◆ Task item
The answer is to be one number: the count of lines in this listing that have the string "Require".

◆ Extracted information
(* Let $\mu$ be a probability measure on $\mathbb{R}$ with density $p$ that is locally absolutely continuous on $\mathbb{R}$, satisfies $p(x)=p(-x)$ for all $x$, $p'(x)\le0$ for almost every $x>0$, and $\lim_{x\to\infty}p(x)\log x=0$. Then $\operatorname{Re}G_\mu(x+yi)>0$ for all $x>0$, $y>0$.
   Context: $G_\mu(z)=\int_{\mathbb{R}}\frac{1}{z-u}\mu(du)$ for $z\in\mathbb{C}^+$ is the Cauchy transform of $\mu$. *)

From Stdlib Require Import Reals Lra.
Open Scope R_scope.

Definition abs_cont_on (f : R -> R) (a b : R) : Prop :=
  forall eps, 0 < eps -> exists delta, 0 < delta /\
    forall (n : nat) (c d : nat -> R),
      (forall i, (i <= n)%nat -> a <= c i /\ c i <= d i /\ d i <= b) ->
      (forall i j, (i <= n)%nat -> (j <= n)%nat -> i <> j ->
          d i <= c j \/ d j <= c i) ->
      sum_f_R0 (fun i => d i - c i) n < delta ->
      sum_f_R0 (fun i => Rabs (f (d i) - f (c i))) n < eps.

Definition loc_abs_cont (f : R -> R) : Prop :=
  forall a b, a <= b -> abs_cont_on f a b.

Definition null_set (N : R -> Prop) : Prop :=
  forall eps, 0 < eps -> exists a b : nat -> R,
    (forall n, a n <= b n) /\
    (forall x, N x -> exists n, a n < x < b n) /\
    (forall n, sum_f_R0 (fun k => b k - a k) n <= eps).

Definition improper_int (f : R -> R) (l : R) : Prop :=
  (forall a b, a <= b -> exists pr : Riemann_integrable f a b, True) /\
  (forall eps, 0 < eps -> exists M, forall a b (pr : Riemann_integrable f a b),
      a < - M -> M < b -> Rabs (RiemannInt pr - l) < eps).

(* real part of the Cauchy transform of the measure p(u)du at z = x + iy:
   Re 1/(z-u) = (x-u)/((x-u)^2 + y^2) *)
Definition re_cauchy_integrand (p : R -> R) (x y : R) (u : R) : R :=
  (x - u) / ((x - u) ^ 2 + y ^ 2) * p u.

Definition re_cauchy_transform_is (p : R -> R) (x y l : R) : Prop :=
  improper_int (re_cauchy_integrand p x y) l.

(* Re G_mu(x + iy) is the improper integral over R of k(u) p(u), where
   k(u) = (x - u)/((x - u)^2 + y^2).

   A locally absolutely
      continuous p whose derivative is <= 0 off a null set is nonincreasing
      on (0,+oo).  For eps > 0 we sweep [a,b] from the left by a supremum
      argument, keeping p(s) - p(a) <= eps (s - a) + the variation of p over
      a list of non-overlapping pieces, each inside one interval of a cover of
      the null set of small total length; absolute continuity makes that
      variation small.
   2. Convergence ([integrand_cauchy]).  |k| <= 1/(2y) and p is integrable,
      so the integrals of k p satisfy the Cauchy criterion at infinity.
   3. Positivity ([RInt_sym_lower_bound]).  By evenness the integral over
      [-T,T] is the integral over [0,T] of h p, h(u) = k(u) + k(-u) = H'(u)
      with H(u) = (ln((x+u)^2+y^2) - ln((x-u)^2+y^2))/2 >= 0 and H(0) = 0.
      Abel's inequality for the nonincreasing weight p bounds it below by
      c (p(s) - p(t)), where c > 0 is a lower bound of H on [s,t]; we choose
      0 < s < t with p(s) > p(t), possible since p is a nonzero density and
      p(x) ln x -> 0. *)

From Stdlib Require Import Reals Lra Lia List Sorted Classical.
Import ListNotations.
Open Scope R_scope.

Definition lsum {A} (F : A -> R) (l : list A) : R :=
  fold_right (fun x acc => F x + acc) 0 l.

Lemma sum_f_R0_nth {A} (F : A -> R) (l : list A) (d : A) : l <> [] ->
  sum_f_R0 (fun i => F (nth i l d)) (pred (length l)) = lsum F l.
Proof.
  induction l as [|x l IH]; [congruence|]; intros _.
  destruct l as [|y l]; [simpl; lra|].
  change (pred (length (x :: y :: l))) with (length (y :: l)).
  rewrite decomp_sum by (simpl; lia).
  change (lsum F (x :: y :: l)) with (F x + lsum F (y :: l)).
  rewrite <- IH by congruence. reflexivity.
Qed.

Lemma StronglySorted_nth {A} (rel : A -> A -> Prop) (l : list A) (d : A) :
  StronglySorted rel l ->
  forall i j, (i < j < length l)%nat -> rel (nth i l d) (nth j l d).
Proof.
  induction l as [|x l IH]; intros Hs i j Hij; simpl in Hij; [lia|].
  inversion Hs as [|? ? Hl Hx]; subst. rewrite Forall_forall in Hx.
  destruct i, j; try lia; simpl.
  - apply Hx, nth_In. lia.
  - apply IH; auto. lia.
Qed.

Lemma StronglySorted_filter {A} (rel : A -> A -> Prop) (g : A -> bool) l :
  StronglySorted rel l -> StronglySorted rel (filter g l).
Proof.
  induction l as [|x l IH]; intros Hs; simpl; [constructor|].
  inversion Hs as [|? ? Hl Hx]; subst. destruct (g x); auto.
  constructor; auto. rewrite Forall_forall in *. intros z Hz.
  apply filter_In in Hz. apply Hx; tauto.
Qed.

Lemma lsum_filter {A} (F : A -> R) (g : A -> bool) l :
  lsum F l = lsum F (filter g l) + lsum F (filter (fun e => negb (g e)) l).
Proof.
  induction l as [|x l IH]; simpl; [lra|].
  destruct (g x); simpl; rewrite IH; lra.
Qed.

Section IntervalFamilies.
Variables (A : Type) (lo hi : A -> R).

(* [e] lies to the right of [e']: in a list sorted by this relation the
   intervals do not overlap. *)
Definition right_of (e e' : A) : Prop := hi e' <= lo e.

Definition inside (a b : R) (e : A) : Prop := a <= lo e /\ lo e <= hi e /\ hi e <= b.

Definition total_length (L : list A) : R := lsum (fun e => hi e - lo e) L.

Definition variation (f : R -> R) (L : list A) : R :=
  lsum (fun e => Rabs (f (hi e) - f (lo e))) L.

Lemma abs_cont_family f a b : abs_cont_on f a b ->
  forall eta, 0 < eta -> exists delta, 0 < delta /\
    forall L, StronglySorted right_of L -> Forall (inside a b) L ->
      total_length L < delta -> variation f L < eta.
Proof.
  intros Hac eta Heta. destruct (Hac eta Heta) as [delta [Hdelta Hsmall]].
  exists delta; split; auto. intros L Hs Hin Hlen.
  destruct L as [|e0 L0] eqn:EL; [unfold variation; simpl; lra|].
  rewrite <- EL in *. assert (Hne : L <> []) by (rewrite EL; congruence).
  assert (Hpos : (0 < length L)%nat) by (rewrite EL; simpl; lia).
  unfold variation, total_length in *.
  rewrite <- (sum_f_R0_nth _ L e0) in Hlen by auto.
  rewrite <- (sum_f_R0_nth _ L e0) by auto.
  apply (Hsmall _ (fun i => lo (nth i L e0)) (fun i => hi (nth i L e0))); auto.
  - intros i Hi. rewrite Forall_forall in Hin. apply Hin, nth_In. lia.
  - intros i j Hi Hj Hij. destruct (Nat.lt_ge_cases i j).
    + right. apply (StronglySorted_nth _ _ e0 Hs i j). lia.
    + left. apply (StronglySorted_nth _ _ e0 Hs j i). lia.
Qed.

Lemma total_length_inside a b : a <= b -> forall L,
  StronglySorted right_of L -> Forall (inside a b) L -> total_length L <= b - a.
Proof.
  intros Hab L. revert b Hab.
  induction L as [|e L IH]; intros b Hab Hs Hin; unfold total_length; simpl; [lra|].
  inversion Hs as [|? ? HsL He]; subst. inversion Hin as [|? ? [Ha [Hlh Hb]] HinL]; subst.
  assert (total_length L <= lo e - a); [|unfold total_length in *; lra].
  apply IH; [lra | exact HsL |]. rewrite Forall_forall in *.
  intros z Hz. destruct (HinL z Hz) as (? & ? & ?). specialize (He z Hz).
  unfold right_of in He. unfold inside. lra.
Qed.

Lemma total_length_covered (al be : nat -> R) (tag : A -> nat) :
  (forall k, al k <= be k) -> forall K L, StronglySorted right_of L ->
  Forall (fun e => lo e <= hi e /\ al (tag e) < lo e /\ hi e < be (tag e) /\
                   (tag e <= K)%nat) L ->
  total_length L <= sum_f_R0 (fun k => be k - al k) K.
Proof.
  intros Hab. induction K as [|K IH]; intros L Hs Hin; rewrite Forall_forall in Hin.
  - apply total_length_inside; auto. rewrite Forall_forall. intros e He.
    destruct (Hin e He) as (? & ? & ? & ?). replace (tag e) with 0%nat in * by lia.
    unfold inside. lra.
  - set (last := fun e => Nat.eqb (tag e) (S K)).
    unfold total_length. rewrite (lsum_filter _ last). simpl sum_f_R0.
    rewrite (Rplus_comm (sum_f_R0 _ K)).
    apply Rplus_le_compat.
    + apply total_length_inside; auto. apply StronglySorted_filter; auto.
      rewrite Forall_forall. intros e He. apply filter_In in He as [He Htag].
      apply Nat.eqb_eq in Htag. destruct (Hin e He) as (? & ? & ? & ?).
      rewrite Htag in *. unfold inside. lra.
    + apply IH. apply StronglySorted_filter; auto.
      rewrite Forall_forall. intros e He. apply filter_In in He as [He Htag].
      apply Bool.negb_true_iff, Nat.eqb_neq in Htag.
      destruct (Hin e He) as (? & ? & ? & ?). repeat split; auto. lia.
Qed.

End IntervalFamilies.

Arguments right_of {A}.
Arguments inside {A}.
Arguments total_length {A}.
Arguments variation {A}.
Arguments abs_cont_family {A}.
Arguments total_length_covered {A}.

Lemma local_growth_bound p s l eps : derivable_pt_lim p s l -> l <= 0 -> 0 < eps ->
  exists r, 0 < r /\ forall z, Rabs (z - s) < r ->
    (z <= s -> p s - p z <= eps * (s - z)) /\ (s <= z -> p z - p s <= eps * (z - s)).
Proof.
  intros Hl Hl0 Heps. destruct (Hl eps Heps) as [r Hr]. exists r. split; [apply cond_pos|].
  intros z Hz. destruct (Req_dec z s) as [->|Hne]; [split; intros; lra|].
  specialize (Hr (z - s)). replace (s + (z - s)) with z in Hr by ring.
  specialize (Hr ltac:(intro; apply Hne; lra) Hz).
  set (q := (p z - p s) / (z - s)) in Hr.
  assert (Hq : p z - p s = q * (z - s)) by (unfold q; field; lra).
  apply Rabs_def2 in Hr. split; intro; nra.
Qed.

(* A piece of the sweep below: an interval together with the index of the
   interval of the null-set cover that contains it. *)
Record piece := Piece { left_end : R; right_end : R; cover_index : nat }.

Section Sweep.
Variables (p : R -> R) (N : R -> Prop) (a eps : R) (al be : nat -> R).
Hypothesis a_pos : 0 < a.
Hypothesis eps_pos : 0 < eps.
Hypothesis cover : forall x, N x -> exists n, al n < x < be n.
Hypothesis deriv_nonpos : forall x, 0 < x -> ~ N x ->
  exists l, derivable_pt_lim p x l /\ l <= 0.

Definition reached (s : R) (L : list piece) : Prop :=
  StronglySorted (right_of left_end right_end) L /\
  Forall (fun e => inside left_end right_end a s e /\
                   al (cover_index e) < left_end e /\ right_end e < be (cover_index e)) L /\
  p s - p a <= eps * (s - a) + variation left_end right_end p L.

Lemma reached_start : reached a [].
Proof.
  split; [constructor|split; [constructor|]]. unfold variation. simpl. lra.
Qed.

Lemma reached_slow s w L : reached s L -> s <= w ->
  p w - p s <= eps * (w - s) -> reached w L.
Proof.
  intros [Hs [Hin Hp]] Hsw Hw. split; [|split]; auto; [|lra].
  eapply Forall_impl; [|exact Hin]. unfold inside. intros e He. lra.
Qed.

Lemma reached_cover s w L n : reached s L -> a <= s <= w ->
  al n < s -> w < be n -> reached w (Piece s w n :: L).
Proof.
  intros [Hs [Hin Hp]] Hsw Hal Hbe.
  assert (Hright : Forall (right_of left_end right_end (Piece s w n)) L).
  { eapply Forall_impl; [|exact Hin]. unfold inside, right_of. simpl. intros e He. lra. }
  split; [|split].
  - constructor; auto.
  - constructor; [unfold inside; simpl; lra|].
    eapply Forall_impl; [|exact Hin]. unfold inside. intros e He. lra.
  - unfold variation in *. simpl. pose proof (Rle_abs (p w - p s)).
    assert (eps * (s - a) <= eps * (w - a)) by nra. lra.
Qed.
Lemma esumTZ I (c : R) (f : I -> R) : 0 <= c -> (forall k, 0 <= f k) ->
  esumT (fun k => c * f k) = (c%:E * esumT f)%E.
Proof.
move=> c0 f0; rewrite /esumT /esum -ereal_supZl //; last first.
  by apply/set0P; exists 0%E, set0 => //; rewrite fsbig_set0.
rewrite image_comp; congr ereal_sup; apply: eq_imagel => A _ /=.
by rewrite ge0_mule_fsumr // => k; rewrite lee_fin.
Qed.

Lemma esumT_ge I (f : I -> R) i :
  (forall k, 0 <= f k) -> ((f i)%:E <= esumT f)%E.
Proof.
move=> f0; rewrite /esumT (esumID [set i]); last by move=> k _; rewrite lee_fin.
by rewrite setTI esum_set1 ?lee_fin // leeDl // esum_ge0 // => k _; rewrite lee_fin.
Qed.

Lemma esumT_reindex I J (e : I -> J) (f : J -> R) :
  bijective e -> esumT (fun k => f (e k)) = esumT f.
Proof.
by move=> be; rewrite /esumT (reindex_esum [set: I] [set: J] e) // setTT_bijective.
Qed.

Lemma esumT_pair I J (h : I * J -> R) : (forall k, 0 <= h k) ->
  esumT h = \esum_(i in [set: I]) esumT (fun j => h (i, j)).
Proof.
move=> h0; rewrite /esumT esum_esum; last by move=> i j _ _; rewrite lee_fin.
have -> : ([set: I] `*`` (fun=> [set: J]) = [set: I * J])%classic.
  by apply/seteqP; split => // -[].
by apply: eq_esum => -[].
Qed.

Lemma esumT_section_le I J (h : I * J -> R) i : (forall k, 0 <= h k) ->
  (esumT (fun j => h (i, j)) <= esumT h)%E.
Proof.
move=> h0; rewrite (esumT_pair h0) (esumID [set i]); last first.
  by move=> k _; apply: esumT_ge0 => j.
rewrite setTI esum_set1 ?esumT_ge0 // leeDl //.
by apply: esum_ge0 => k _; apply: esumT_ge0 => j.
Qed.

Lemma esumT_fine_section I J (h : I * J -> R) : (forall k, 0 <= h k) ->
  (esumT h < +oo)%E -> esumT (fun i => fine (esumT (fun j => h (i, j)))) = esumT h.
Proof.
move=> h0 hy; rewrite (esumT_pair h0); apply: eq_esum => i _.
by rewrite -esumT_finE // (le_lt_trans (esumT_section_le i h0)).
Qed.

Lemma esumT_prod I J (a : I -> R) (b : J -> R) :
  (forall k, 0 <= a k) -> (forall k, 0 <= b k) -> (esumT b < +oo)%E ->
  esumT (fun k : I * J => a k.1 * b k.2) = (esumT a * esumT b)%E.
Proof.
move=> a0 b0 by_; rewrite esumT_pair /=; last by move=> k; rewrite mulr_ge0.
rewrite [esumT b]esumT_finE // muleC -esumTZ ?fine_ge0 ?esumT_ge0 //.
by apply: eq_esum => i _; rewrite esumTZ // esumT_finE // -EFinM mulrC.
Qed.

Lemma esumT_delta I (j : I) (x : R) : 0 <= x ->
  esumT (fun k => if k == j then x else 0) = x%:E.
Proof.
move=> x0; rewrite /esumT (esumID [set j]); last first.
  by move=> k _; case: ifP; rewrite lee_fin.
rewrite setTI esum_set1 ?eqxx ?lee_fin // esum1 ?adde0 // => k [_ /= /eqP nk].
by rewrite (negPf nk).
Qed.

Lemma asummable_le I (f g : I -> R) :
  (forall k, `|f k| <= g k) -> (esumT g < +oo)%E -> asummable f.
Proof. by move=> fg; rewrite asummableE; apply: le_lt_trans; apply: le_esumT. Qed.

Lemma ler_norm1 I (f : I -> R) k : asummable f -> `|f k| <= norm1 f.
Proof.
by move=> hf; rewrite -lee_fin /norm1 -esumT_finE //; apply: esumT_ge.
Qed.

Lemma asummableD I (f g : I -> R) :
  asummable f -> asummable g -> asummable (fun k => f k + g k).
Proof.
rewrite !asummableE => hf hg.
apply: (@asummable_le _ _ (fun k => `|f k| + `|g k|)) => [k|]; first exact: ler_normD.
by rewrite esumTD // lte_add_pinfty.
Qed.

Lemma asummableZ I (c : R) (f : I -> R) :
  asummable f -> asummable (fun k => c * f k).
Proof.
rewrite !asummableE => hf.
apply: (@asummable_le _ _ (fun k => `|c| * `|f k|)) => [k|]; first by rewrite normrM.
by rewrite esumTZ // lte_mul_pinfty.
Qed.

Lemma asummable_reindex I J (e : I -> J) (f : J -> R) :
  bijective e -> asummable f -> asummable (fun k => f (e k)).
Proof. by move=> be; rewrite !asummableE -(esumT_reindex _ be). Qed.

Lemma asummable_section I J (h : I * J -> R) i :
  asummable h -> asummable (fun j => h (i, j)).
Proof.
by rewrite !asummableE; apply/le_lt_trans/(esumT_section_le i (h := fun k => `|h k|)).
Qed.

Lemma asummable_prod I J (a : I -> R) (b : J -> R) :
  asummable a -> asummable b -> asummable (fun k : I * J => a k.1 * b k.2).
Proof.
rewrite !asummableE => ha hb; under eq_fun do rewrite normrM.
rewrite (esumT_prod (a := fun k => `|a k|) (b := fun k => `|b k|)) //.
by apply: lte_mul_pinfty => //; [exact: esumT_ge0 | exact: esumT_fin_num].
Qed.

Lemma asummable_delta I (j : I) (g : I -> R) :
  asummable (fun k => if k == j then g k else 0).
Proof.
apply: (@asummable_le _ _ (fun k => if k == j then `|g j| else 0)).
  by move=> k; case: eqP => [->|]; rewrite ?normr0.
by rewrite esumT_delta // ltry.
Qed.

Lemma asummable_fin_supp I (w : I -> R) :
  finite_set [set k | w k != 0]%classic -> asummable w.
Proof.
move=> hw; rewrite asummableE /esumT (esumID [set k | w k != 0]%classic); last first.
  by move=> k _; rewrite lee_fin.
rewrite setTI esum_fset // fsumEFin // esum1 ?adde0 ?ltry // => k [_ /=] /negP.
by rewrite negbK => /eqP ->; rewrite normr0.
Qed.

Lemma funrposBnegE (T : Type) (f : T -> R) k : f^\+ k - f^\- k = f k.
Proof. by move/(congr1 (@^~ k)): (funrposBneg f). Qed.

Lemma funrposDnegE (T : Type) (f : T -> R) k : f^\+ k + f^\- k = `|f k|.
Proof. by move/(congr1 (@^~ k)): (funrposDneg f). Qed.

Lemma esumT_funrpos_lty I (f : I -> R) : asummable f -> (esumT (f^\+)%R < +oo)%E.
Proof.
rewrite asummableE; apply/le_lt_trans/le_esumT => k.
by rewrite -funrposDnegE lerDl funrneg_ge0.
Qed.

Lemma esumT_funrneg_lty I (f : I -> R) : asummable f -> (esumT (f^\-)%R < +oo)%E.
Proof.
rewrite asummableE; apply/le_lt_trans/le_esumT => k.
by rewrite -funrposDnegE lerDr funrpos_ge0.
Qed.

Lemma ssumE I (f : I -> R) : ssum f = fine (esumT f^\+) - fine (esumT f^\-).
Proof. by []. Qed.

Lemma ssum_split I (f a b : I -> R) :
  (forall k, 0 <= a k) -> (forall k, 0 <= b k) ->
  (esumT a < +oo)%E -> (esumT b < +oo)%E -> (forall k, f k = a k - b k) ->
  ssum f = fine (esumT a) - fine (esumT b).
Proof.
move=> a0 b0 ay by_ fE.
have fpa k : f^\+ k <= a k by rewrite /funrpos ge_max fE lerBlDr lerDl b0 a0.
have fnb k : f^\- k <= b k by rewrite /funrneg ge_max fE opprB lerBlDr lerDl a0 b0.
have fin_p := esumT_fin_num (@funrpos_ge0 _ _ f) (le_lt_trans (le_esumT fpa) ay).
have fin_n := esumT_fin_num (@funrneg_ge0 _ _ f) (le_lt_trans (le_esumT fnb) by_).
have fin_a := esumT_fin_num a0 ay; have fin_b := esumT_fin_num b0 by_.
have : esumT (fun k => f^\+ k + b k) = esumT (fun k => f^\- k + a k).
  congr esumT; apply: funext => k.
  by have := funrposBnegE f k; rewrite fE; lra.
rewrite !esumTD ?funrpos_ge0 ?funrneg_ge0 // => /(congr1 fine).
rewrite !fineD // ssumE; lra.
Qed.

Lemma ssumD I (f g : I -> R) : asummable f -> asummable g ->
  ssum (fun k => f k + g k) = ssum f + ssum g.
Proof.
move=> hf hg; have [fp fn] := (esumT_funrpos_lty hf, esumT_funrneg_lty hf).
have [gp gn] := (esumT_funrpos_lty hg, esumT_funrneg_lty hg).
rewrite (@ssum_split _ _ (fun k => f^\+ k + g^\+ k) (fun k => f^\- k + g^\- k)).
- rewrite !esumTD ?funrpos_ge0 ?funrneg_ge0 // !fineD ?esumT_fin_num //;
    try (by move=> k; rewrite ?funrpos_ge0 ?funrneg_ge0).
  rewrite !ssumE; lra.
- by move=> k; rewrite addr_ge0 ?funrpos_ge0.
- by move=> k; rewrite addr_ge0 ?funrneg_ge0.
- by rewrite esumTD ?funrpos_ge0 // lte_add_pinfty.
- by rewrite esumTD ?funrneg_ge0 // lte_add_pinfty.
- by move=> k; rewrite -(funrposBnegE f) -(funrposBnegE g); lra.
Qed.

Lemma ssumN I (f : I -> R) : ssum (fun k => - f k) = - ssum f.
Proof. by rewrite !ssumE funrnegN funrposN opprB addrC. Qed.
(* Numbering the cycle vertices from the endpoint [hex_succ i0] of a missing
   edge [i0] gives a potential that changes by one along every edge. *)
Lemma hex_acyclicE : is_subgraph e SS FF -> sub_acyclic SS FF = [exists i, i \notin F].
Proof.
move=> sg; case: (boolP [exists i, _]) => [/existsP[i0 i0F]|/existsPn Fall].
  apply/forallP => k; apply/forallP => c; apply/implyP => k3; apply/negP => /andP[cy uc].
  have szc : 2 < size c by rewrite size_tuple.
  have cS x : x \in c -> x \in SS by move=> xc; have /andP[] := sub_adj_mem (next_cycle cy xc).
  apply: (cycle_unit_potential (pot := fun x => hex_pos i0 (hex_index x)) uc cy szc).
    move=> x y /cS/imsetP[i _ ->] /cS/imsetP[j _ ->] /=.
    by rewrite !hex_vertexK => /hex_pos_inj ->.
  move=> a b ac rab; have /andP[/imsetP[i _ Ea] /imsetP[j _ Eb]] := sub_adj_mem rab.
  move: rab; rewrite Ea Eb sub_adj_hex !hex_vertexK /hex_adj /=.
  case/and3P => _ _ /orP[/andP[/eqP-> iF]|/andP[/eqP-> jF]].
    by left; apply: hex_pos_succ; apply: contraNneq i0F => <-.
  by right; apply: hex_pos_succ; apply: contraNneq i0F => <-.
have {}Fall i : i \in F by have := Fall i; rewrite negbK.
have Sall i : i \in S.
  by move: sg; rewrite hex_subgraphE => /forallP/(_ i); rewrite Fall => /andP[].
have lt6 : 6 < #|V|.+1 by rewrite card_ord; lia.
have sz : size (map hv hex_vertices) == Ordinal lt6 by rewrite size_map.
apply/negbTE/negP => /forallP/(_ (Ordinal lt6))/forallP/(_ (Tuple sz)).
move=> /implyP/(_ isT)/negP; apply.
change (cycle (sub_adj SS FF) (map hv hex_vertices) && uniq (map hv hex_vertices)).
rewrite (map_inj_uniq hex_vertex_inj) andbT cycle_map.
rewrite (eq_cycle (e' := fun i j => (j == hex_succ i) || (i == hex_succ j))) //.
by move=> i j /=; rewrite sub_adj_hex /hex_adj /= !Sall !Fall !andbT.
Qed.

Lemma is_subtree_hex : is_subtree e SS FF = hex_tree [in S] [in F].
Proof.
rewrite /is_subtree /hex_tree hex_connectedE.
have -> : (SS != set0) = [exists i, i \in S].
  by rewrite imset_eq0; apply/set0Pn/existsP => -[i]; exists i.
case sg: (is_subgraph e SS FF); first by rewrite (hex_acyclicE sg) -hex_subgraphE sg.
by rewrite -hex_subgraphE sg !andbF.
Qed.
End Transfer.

◆ Written response
2